## Work instructions
In the records below, find the lines that include "Hint" and copy each.

::::

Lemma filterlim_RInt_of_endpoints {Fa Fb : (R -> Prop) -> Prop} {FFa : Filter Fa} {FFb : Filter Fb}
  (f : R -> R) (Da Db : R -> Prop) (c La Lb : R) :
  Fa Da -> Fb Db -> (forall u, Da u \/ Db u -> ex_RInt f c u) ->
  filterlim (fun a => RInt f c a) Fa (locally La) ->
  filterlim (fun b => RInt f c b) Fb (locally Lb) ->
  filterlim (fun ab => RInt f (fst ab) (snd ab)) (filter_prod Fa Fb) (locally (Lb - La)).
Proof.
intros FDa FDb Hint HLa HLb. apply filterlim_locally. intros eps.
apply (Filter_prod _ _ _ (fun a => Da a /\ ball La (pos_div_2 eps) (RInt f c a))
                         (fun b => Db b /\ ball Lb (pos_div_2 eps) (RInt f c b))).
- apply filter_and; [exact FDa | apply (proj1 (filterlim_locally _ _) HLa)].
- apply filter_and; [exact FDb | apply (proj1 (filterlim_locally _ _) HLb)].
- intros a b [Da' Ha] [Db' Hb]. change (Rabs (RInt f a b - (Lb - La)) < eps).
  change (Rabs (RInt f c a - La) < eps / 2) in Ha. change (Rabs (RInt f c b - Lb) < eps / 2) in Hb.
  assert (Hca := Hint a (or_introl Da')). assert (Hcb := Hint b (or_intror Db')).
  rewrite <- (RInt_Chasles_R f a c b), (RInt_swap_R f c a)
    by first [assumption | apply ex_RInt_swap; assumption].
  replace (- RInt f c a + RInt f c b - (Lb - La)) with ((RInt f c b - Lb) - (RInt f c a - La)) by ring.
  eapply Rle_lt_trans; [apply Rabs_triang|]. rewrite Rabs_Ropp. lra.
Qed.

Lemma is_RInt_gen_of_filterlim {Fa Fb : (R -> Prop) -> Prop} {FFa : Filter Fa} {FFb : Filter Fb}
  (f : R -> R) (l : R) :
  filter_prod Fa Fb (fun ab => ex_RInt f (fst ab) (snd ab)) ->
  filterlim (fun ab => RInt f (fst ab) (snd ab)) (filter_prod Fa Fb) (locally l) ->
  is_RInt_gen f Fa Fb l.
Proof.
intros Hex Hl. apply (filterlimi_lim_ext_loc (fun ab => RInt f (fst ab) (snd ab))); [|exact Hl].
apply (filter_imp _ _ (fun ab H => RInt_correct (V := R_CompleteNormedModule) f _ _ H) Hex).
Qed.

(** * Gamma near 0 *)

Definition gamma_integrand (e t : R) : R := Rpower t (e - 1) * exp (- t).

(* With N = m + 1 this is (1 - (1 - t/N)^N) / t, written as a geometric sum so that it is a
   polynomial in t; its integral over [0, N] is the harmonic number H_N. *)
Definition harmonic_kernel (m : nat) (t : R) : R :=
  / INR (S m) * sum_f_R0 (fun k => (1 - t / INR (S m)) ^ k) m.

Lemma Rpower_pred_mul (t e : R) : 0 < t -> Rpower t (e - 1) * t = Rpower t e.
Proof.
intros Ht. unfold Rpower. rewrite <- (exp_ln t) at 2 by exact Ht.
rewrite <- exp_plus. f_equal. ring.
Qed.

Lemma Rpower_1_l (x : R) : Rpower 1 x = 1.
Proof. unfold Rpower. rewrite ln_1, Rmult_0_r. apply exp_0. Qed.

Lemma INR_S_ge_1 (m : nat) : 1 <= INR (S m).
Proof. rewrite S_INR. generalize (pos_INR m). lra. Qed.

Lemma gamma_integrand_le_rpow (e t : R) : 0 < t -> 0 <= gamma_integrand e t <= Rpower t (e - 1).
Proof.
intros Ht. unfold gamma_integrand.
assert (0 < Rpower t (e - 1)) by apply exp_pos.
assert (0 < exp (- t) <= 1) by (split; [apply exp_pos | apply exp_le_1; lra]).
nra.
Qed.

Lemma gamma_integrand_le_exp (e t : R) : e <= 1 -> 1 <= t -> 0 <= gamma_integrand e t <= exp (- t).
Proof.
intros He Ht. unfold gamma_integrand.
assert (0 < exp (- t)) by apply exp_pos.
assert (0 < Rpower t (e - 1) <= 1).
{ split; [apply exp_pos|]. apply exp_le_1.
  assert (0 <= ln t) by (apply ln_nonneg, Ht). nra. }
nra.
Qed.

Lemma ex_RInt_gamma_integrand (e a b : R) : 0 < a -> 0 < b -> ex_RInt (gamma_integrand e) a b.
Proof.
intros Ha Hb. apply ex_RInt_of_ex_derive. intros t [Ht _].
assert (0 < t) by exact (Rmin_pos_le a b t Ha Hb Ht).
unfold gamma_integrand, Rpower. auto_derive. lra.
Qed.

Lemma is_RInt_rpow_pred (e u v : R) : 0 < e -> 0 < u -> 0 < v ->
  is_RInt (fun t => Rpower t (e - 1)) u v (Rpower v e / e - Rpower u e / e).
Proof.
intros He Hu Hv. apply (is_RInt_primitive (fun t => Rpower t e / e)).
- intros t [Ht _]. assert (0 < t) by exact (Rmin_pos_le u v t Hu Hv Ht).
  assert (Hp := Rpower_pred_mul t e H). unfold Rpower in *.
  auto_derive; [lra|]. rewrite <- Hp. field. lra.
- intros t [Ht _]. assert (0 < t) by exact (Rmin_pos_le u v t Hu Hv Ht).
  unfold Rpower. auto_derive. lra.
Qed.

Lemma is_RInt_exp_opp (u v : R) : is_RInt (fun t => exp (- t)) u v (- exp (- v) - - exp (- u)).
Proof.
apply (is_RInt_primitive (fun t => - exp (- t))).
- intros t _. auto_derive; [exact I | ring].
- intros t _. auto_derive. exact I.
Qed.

::::

## Response to the task
intros FDa FDb Hint HLa HLb. apply filterlim_locally. intros eps.
  assert (Hca := Hint a (or_introl Da')). assert (Hcb := Hint b (or_intror Db')).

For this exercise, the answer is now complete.